Start of Block

Lemma prod_unity_sum_eq0 (F : fieldType) m p (ze : F) (y xi : 'I_m -> F) :
    p.-primitive_root ze -> (exists k, xi k != 0) ->
    (forall k, xi k ^+ p = (\sum_(j < m) y j * xi j) ^+ p) ->
  \prod_(t : {ffun 'I_m -> 'I_p}) (1 - \sum_(j < m) ze ^+ (t j).+1 * y j) = 0.
Proof.
move=> prim_ze [k0 xi_k0]; set s := \sum_(j < m) y j * xi j => xi_p.
have p_gt0 := prim_order_gt0 prim_ze.
have s_neq0 : s != 0.
  apply: contra_neq xi_k0 => s0; move: (xi_p k0); rewrite s0 expr0n gtn_eqF //.
  by move/eqP; rewrite expf_eq0 p_gt0 => /eqP.
have ratio_p k : (xi k / s) ^+ p = 1 by rewrite exprMn exprVn xi_p divff // expf_neq0.
pose t := [ffun k => sval (prim_root_exprS prim_ze (ratio_p k))].
rewrite (bigD1 t) //=; apply/eqP; rewrite mulf_eq0 subr_eq0; apply/orP; left.
have -> : \sum_(j < m) ze ^+ (t j).+1 * y j = \sum_(j < m) xi j / s * y j.
  by apply: eq_bigr => j _; rewrite ffunE -(svalP (prim_root_exprS _ _)).
have -> : \sum_(j < m) xi j / s * y j = s / s.
  by rewrite mulr_suml; apply: eq_bigr => j _; rewrite mulrAC [xi j * _]mulrC.
by rewrite divff.
Qed.

Section Zeta.
Local Open Scope R_scope.
Variable p : nat.
Hypothesis p_gt0 : (0 < p)%N.
Let th := 2 * PI / INR p.

Lemma INR_p_neq0 : INR p <> 0.
Proof. by apply: not_0_INR; lia. Qed.

Lemma zeta_expr j : (zeta p ^+ j)%R = Complex (cos (INR j * th)) (sin (INR j * th)).
Proof.
elim: j => [|j IHj].
  by rewrite expr0 Rmult_0_l cos_0 sin_0.
rewrite exprSr IHj /zeta -INRE -/th S_INR Rmult_plus_distr_r Rmult_1_l cos_plus sin_plus.
by congr Complex; rewrite Rplus_comm.
Qed.

Lemma sin_cos_neq_0_1 x : 0 < x < 2 * PI -> sin x = 0 -> cos x <> 1.
Proof.
move=> [x_gt0 x_lt2PI] sin0 cos1; have PI_gt0 := PI_RGT_0.
case: (Rtotal_order x PI) => [x_ltPI | [x_PI | x_gtPI]].
- by have := sin_gt_0 _ x_gt0 x_ltPI; lra.
- by move: cos1; rewrite x_PI cos_PI; lra.
- by have := sin_lt_0 _ x_gtPI x_lt2PI; lra.
Qed.

Lemma zeta_prim_root : p.-primitive_root (zeta p).
Proof.
have th_p : INR p * th = 2 * PI by rewrite /th; field; exact: INR_p_neq0.
apply/andP; split => //; apply/forallP => i; rewrite unity_rootE zeta_expr.
have [ip | ip] := eqVneq i.+1 p.
  by rewrite ip th_p cos_2PI sin_2PI; apply/eqP/eqP.
have th_gt0 : 0 < th.
  by rewrite /th; apply: Rdiv_lt_0_compat; [have := PI_RGT_0; lra | apply: lt_0_INR; lia].
have i_gt0 : 0 < INR i.+1 by apply: lt_0_INR; lia.
have i_ltp : INR i.+1 < INR p by apply: lt_INR; move: ip (ltn_ord i); lia.
have : 0 < INR i.+1 * th < 2 * PI by split; nra.
move: (INR i.+1 * th) => x x_bounds; rewrite eqbF_neg; apply/eqP => -[cos1 sin0].
exact: (sin_cos_neq_0_1 x_bounds sin0 cos1).
Qed.

End Zeta.

Theorem mainTheorem12 (m p : nat) (hp : (0 < p)%N)
    (a : 'I_p -> CC) (b : 'I_p -> 'I_m -> CC)
    (hb : forall (i : 'I_p) (k : 'I_m), nat_of_ord i = p.-1 -> b i k = 1)
    (x : 'I_m -> CC) :
  sing_locus (in_left_ideal (ell a b)) x ->
  (\prod_(k < m) x k) * Rpoly p x = 0.
Proof.
pose f : {mpoly CC[m]} := (\prod_(k < m) 'X_k) *
  \prod_(t : {ffun 'I_m -> 'I_p}) (1 - \sum_(j < m) (zeta p ^+ (t j).+1)%:MP * 'X_j).
have f_eval y : f.@[y] = (\prod_(k < m) y k) * Rpoly p y.
  rewrite rmorphM /= !rmorph_prod /=; congr (_ * _).
    by apply: eq_bigr => k _; rewrite mevalXU.
  apply: eq_bigr => t _; rewrite rmorphB /= rmorph1 rmorph_sum /=; congr (_ - _).
  by apply: eq_bigr => j _; rewrite rmorphM /= mevalC mevalXU.
move=> sing_x; rewrite -f_eval; apply: sing_x => y [xi [xi_neq0 char_y]].
rewrite f_eval; have [k /eqP y_k | y_neq0] := pickP (fun k => y k == 0).
  by rewrite (bigD1 k) //= y_k !mul0r.
rewrite /Rpoly (prod_unity_sum_eq0 (zeta_prim_root hp) xi_neq0) ?mulr0 // => k.
have := char_y _ (in_left_ideal_gen (ell a b) k); rewrite psymb_ell // => /eqP.
rewrite mulf_eq0 invr_eq0 expf_eq0 (natrC_eq p 0) (gtn_eqF hp) andbF /=.
rewrite subr_eq0 exprMn => /eqP; apply: mulfI.
by rewrite expf_neq0 ?y_neq0.
Qed.
(* There exist exactly seven non-trivial shadows of genus $0$ over two backbones.
   Context: A diagram over $b$ backbones consists of the vertex set $[N]=\{1,\dots,N\}$, a partition of $[N]$ into $b$ backbones (maximal blocks of consecutive integers, ordered left to right), and a set of arcs $(i,j)$ with $i<j$, each vertex being incident to at most one arc. It is drawn with the vertices in increasing order on a horizontal line, each backbone as a segment joining its consecutive vertices, and the arcs in the upper half-plane. Two arcs $(i,j),(k,l)$ cross if $i<k<j<l$ or $k<i<l<j$. Genus: collapsing each backbone to a single vertex, the planar drawing determines a fatgraph (ribbon graph) with $b$ vertices and one edge per arc, hence an oriented surface with boundary; let $r$ be its number of boundary components (a backbone carrying no arcs contributes one boundary component). With $n$ the number of arcs, the genus $g$ is defined by $2-2g-r=b-n$. A stack is a maximal collection of arcs of the form $(i,j),(i+1,j-1),\dots,(i+\ell-1,j-\ell+1)$; its size is $\ell$. An arc is non-crossing if no other arc crosses it; a vertex is isolated if no arc is incident to it. A shadow is a diagram with no non-crossing arcs and no isolated vertices in which every stack has size one. A shadow is non-trivial if each of its backbones contains at least one vertex incident to an arc. *)

From mathcomp Require Import all_boot all_order all_algebra.
Set Implicit Arguments. Unset Strict Implicit. Unset Printing Implicit Defensive.
Import GRing.Theory.

(* A diagram is a triple (N, bs, arcs):
   - vertex set [N] = {1,...,N};
   - bs = [:: s_1; ...; s_b] the sizes of the backbones, left to right
     (backbone t consists of the s_t consecutive vertices following the
     previous backbones);
   - arcs = the list of arcs (i,j), i < j, listed by increasing left end
     (canonical representation of the arc set). *)
Definition diagram := (nat * seq nat * seq (nat * nat))%type.
Variable K : G -> Prop.
Hypothesis subgroupK : is_subgroup G K.
Hypothesis S_nonempty : S <> [].

Definition least_in_coset (n : nat) : Prop :=
  forall m, m < n -> ~ same_coset G K (word m) (word n).

Lemma letter_index_lt m : m mod (2 * length S) < 2 * length S.
Proof. apply Nat.mod_upper_bound. destruct S; cbn; [congruence | lia]. Qed.

Lemma least_in_coset_0 : least_in_coset 0.
Proof. intros m lt_m. lia. Qed.

Lemma least_in_coset_parent m :
  least_in_coset (Datatypes.S m) -> least_in_coset (m / (2 * length S)).
Proof.
  intros least j lt_j Kj.
  pose proof (letter_index_lt m) as lt_r.
  pose proof (Nat.div_mod_eq m (2 * length S)).
  apply (least (Datatypes.S (j * (2 * length S) + m mod (2 * length S)))); [nia|].
  rewrite word_append, word_S by exact lt_r. now apply same_coset_mulr.
Qed.

Lemma exists_least_in_coset g : generated G S g ->
  exists n, least_in_coset n /\ same_coset G K (word n) g.
Proof.
  intros gen_g. destruct (word_surjective g gen_g) as [n0 word_n0].
  assert (ex : exists n, same_coset G K (word n) g).
  { exists n0. rewrite word_n0. now apply same_coset_refl. }
  clear n0 word_n0. destruct ex as [n Kn]. revert Kn.
  induction n as [n IH] using lt_wf_ind. intros Kn.
  destruct (classic (exists m, m < n /\ same_coset G K (word m) g))
    as [[m [lt_m Km]] | none]; [now apply (IH m) |].
  exists n. split; [|exact Kn]. intros m lt_m Kmn.
  apply none. exists m. split; [exact lt_m|]. eapply same_coset_trans; eauto.
Qed.

Lemma least_in_coset_unique n m : least_in_coset n -> least_in_coset m ->
  same_coset G K (word n) (word m) -> n = m.
Proof.
  intros least_n least_m Knm.
  destruct (lt_eq_lt_dec n m) as [[lt|eq]|lt]; [|exact eq|].
  - contradiction (least_m n lt).
  - contradiction (least_n m lt). now apply same_coset_sym.
Qed.

Section Cones.

Variable H : G -> Prop.
Hypothesis subgroupH : is_subgroup G H.
Hypothesis H_sub_K : forall x, H x -> K x.

(* The vertex set H k T, where T is the transversal of least words. *)
Definition cone (k : G) : G -> Prop :=
  fun z => exists n, least_in_coset n /\ same_coset G H z (k · word n).

Lemma cone_word k n : least_in_coset n -> cone k (k · word n).
Proof. intros least. exists n. split; [exact least | now apply same_coset_refl]. Qed.

Lemma cone_vertex_subset k : vertex_subset G H (cone k).
Proof.
  intros x y [n [least xn]] xy. exists n. split; [exact least|].
  eapply same_coset_trans; [exact subgroupH | apply same_coset_sym; eauto | exact xn].
Qed.
Lemma pidx00 : pidx e0 e0 = k0. Proof. exact/val_inj/pidxE. Qed.
Lemma pidx01 : pidx e0 e1 = k1. Proof. exact/val_inj/pidxE. Qed.
Lemma pidx10 : pidx e1 e0 = k2. Proof. exact/val_inj/pidxE. Qed.
Lemma pidx11 : pidx e1 e1 = k3. Proof. exact/val_inj/pidxE. Qed.

Section HermitianPsd.
Variables (R : realType) (n : nat).
Local Notation C := R[i].
Local Open Scope complex_scope.
Implicit Types (P : 'M[C]_n) (v : 'cV[C]_n).

Lemma herm_conj P : adjmx P = P -> forall k l, P l k = Num.conj (P k l).
Proof. by move=> hP k l; rewrite -{2}hP !mxE conjCK. Qed.

Lemma herm_Im_diag P : adjmx P = P -> forall k, complex.Im (P k k) = 0.
Proof.
move=> hP k; have := herm_conj hP k k; move: (P k k) => [a b] /= [] hb.
have : b + b = 0 by rewrite {1}hb addNr.
lra.
Qed.

Lemma quad_formE P v :
  (adjmx v *m P *m v) 0 0 = \sum_j (\sum_i Num.conj (v i 0) * P i j) * v j 0.
Proof.
rewrite !mxE; apply: eq_bigr => j _; rewrite !mxE; congr (_ * _).
by apply: eq_bigr => i _; rewrite !mxE.
Qed.

Lemma psd_Re_ge0 P v : psd P -> 0 <= complex.Re ((adjmx v *m P *m v) 0 0).
Proof. by move=> /(_ v); rewrite lecE => /andP[]. Qed.

Section TwoSupported.
Variables (k l : 'I_n) (a b : C).
Hypothesis neq_kl : k != l.

Definition vec2 : 'cV[C]_n := \col_i (if i == k then a else if i == l then b else 0).
Definition self_similar_sub (H : V -> Prop) (N : nat) : Prop :=
  exists (M : V -> Prop) (phi : V -> V),
    virtual_endo H M phi N /\ simple_ve H M phi.

Definition self_similar (N : nat) : Prop := self_similar_sub (fun _ => True) N.

Definition strongly_hereditarily_self_similar (N : nat) : Prop :=
  self_similar N /\
  forall H : V -> Prop, subalgebra H -> (exists x, H x /\ x <> 0) ->
    self_similar_sub H N.
End LieLattice.

(* L^d(a) = Z_p^d (row vectors), canonical basis x_i = delta_mx 0 i, bracket
   the bilinear extension of [x_i,x_j] = 0, [x_0,x_i] = a x_i = -[x_i,x_0]
   (i, j in {1..d-1}), [x_0,x_0] = 0. *)
Definition Ld_basis (p d : nat) (i : 'I_d) : 'rV[padic p]_d := delta_mx 0 i.

Definition Ld_table (p d : nat) (a : padic p) (i j : 'I_d) : 'rV[padic p]_d :=
  if (val i == 0%N) && (val j != 0%N) then a *: Ld_basis p j
  else if (val j == 0%N) && (val i != 0%N) then - (a *: Ld_basis p i)
  else 0.

Definition Ld_bracket (p d : nat) (a : padic p) (u v : 'rV[padic p]_d)
  : 'rV[padic p]_d :=
  \sum_(i < d) \sum_(j < d) (u 0 i * v 0 j) *: Ld_table a i j.

(* The bracket of L^d(a) is [u, v] = a (u_0 v - v_0 u), so every submodule is
   a subalgebra, and a nonzero subalgebra H is a free Z_p-module of finite
   rank. If the bracket vanishes on H, take a basis g_0, ..., g_n of H;
   otherwise take b in H whose first coordinate generates the first
   coordinates of H, and a basis g_0, ..., g_n of K = H /\ ker u_0 (K <> 0,
   since H = Z_p b would be abelian), so that H = Z_p b (+) K.  The virtual
   endomorphism fixes b and shifts K: g_(i+1) |-> g_i and p^k g_0 |-> g_n, on
   the index-p^k sublattice where the g_0-coordinate is divisible by p^k.  It
   preserves u_0, hence the bracket.  An invariant ideal has K-coordinates
   divisible by every power of p^k, so it lies in Z_p b; as [g_0, e b] =
   -a e b_0 g_0 must lie there too, the ideal is 0. *)

From HB Require Import structures.
From mathcomp Require Import all_boot all_algebra.
From mathcomp Require Import all_order boolp ring.
Set Implicit Arguments. Unset Strict Implicit. Unset Printing Implicit Defensive.
Import Order.TTheory GRing.Theory Num.Theory.
Local Open Scope ring_scope.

End of Block

**Work to be completed:** All that is wanted is the stretch of lines above from the one containing "have [ip | ip] := eqVneq i.+1 p." through the one containing "have i_gt0 : 0", duplicated exactly.

**Response area:**
have [ip | ip] := eqVneq i.+1 p.
  by rewrite ip th_p cos_2PI sin_2PI; apply/eqP/eqP.
have th_gt0 : 0 < th.
  by rewrite /th; apply: Rdiv_lt_0_compat; [have := PI_RGT_0; lra | apply: lt_0_INR; lia].
have i_gt0 : 0 < INR i.+1 by apply: lt_0_INR; lia.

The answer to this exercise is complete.